Bridge milestone
celebrated
By BRUCE SMITH The Associated Press
CHARLESTON — As workers, politicians and a crowd of
onlookers applauded, a huge crane gently lowered a concrete panel
into the deck of the $632 million Ravenel Bridge on Friday, closing
the last gap in what is now the longest cable-stayed bridge in North
America.
“This is a historic day for this historic community,” Charleston
Mayor Joe Riley said. He called the soaring bridge with its twin
diamond towers “an engineering marvel, ... a bridge of remarkable
grace and beauty.”
The bridge, the most expensive ever built in South Carolina, will
open to traffic later this year, replacing the two rusting, aging
cantilever bridges that cross the Cooper River, linking Charleston
and Mount Pleasant along U.S. 17.
Work on the bridge approaches and paving of the eight-lane main
span above the shipping channel remain to be completed.

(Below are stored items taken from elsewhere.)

(* Let $d\ge2$ and let $\omega$ be any configuration of faces. For each finite open cluster $C^*$ of the dual bond configuration there is a unique hole $D$ of $K(\omega)$ with $D\cap(\mathbb{Z}^d)^*$ equal to the vertex set of $C^*$, and the map $C^*\mapsto D$ is a bijection between the finite open dual clusters and the holes. Moreover, under this bijection two holes $D,D'$ are adjacent if and only if the corresponding finite clusters $C^*,(C^* )'$ satisfy $\Delta C^*\cap\Delta (C^* )'\neq\emptyset$.
   Context: A face is a $(d-1)$-dimensional elementary cube in $\mathbb{R}^d$ (a product of intervals $[l,l]$ or $[l,l+1]$, $l\in\mathbb{Z}$, with exactly one degenerate factor). A configuration $\omega$ declares each face open or closed; $K(\omega)$ is the union of open faces. A hole is a bounded connected component of $\mathbb{R}^d\setminus K(\omega)$; two holes are adjacent iff some face is contained in the boundary of both. Dual lattice: vertices $(\mathbb{Z}^d)^*=\mathbb{Z}^d+(1/2,\dots,1/2)$, dual bonds $\langle x^*,y^*\rangle$ with $\|x^*-y^*\|_1=1$. Each dual bond $e^*$ meets exactly one face $Q_{e^*}$ (namely $Q_{e^*}=B_{x^*}\cap B_{y^*}$ where $B_{z^*}=\prod_i[(z^* )_i-1/2,(z^* )_i+1/2]$); the dual bond $e^*$ is declared open iff $Q_{e^*}$ is closed. An open dual cluster is a connected component (possibly a single vertex) of the graph on $(\mathbb{Z}^d)^*$ formed by open dual bonds. For a cluster $C^*$, $\Delta C^*$ is the set of dual bonds with exactly one endpoint in $C^*$. *)

From HB Require Import structures.
From mathcomp Require Import all_boot all_order all_algebra.
From mathcomp Require Import all_classical all_reals all_analysis.
From Stdlib Require Import Relations.
Unset Printing Implicit Defensive.
Import Order.TTheory GRing.Theory Num.Theory.
Import numFieldNormedType.Exports.
Local Open Scope classical_set_scope.
Local Open Scope ring_scope.

(* A face is encoded by (l, j): the (d-1)-dimensional elementary cube
   prod_i I_i with I_j = [l_j, l_j] and I_i = [l_i, l_i + 1] for i <> j. *)
Definition face (d : nat) : Type := ('rV[int]_d * 'I_d)%type.

Definition face_set (R : realType) (d : nat) (f : face d) : set 'rV[R]_d :=
  [set x | forall i : 'I_d,
     if i == f.2 then x ord0 i = (f.1 ord0 i)%:~R
     else ((f.1 ord0 i)%:~R <= x ord0 i <= (f.1 ord0 i)%:~R + 1)].

(* A configuration declares each face open (true) or closed (false). *)
Definition config (d : nat) : Type := face d -> bool.

Definition Kset (R : realType) (d : nat) (omega : config d) : set 'rV[R]_d :=
  \bigcup_(f in [set f | omega f]) face_set R d f.

Definition hole (R : realType) (d : nat) (omega : config d) (D : set 'rV[R]_d) : Prop :=
  (exists x, (~` Kset R d omega) x /\ D = connected_component (~` Kset R d omega) x)
  /\ bounded_set D.

Definition boundary (R : realType) (d : nat) (A : set 'rV[R]_d) : set 'rV[R]_d :=
  closure A `\` interior A.

Definition adjacent_holes (R : realType) (d : nat) (D D' : set 'rV[R]_d) : Prop :=
  exists f : face d, face_set R d f `<=` boundary R d D /\ face_set R d f `<=` boundary R d D'.

(* Dual lattice: z : 'rV[int]_d encodes the dual vertex z + (1/2,...,1/2). *)
Definition dual_pt (R : realType) (d : nat) (z : 'rV[int]_d) : 'rV[R]_d :=
  \row_i ((z ord0 i)%:~R + 2^-1).

Definition dual_lattice (R : realType) (d : nat) : set 'rV[R]_d :=
  [set p | exists z, p = dual_pt R d z].

(* B_{z*} = prod_i [z*_i - 1/2, z*_i + 1/2] = prod_i [z_i, z_i + 1]. *)
Definition Bbox (R : realType) (d : nat) (z : 'rV[int]_d) : set 'rV[R]_d :=
  [set x | forall i : 'I_d, (z ord0 i)%:~R <= x ord0 i <= (z ord0 i)%:~R + 1].

Definition dual_adj (d : nat) (x y : 'rV[int]_d) : Prop :=
  (\sum_(i < d) `|x ord0 i - y ord0 i|)%R = 1.

Definition dual_bond (d : nat) (e : set 'rV[int]_d) : Prop :=
  exists x y, dual_adj d x y /\ e = [set x; y].

Definition open_dual_adj (R : realType) (d : nat) (omega : config d)
    (x y : 'rV[int]_d) : Prop :=
  dual_adj d x y /\
  exists f : face d, face_set R d f = Bbox R d x `&` Bbox R d y /\ omega f = false.

Definition open_cluster (R : realType) (d : nat) (omega : config d)
    (C : set 'rV[int]_d) : Prop :=
  exists x, C = [set y | clos_refl_trans _ (open_dual_adj R d omega) x y].

Definition finite_open_cluster (R : realType) (d : nat) (omega : config d)
    (C : set 'rV[int]_d) : Prop :=
  open_cluster R d omega C /\ finite_set C.

Definition edge_boundary (d : nat) (C : set 'rV[int]_d) : set (set 'rV[int]_d) :=
  [set e | dual_bond d e /\
     exists x y, e = [set x; y] /\ x <> y /\ C x /\ ~ C y].

From HB Require Import structures.
From mathcomp Require Import all_boot all_order all_algebra.
From mathcomp Require Import all_classical all_reals all_analysis.
From mathcomp Require Import lra zify.
From Stdlib Require Import Relations.
Import Order.TTheory GRing.Theory Num.Theory.
Import numFieldNormedType.Exports.
Local Open Scope classical_set_scope.
Local Open Scope ring_scope.

(* A point p outside K lies in some closed unit box B_w, and the segment from p
   to the dual vertex w* avoids K.  Two boxes containing the
   same p outside K are joined by open dual bonds (change one coordinate at a time:
   each face crossed contains p, hence is closed), and an open dual bond is crossed
   through the centre of its closed face.  So the component of R^d \ K containing z*
   is the union of the boxes of the cluster of z, minus K; it is relatively clopen
   because boxes and faces form a locally finite family of closed sets.  Its dual
   vertices are exactly the cluster, and it is bounded iff the cluster is finite.
   Finally, an open face between a cluster and its complement lies in the boundary
   of the corresponding hole, while the centre of a face in the boundary of a hole
   is approached from one of the two boxes adjacent to that face, which therefore
   belongs to the cluster. *)

Section IntegerGrid.
Context {R : realType}.
Implicit Types (p q : R) (z l : int).

Lemma no_intr_between z l : ~ ((z%:~R : R) < l%:~R < (z%:~R : R) + 1).
Proof.
move=> /andP[h1 h2].
have : z < l by rewrite -(ltr_int R).
have : l < z + 1 by rewrite -(ltr_int R) intrD.
lia.
Qed.

Lemma intr_eq_of_lt1 z l : `|(z%:~R : R) - l%:~R| < 1 -> z = l.
Proof.
rewrite ltr_norml => /andP[h1 h2].
have : z < l + 1 by rewrite -(ltr_int R) intrD; lra.
have : l < z + 1 by rewrite -(ltr_int R) intrD; lra.
lia.
Qed.

Lemma half_neq_intr z l : (z%:~R + 2^-1 : R) != l%:~R.
Proof.
apply/eqP => h; apply: (no_intr_between z l); rewrite -h -div1r.
apply/andP; split; lra.
Qed.

Lemma ints_isolated p :
  exists2 e : R, 0 < e & forall l, `|l%:~R - p| < e -> p = l%:~R.
Proof.
have lo := Num.Theory.floor_le p.
have hi : p < (Num.floor p)%:~R + 1 by rewrite -intrD1 Num.Theory.floorD1_gt.
have [pn|pn] := eqVneq p (Num.floor p)%:~R.
  exists 1 => [|l]; first exact: ltr01.
  by rewrite pn => /intr_eq_of_lt1 ->.
have {}lo : (Num.floor p)%:~R < p by rewrite lt_neqAle eq_sym pn lo.
exists (Num.min (p - (Num.floor p)%:~R) ((Num.floor p)%:~R + 1 - p)).
  by rewrite lt_min !subr_gt0 lo hi.
move=> l; rewrite lt_min !ltr_norml => /andP[/andP[h1 h2] /andP[h3 h4]].
exfalso; have [le_ln|lt_nl] := lerP l (Num.floor p).
  by move: le_ln; rewrite -(ler_int R); lra.
by move: lt_nl; rewrite -lezD1 -(ler_int R) intrD; lra.
Qed.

As a chill wind blew in from Charleston Harbor under hazy skies,
a crowd of about 100 people gathered in the center of the bridge’s
1,546-foot main span.
A group of six workers in orange safety vests guided the panel
into place. Local television stations, their satellite trucks parked
just down the bridge, broadcast the moment live.
“We are now officially the longest cable-stayed bridge in North
America,” said Bobby Clair, the Department of Transportation
engineer overseeing the bridge construction.
The longest cable-stayed bridge on the continent was the Alex
Fraser Bridge in Victoria, British Columbia, Canada. The Ravenel’s
main span is 20 feet longer. The longest cable-stayed bridge in the
world is the Tatara Bridge in Japan with a main span of 2,919 feet,
officials said.
“What a great day this is,” Mount Pleasant Mayor Harry Hallman
said. “This bridge will make a lot of things happen in this
community and the state.”
Then Riley and Hallman shook hands, standing where the bridge
crosses the boundary of the two communities.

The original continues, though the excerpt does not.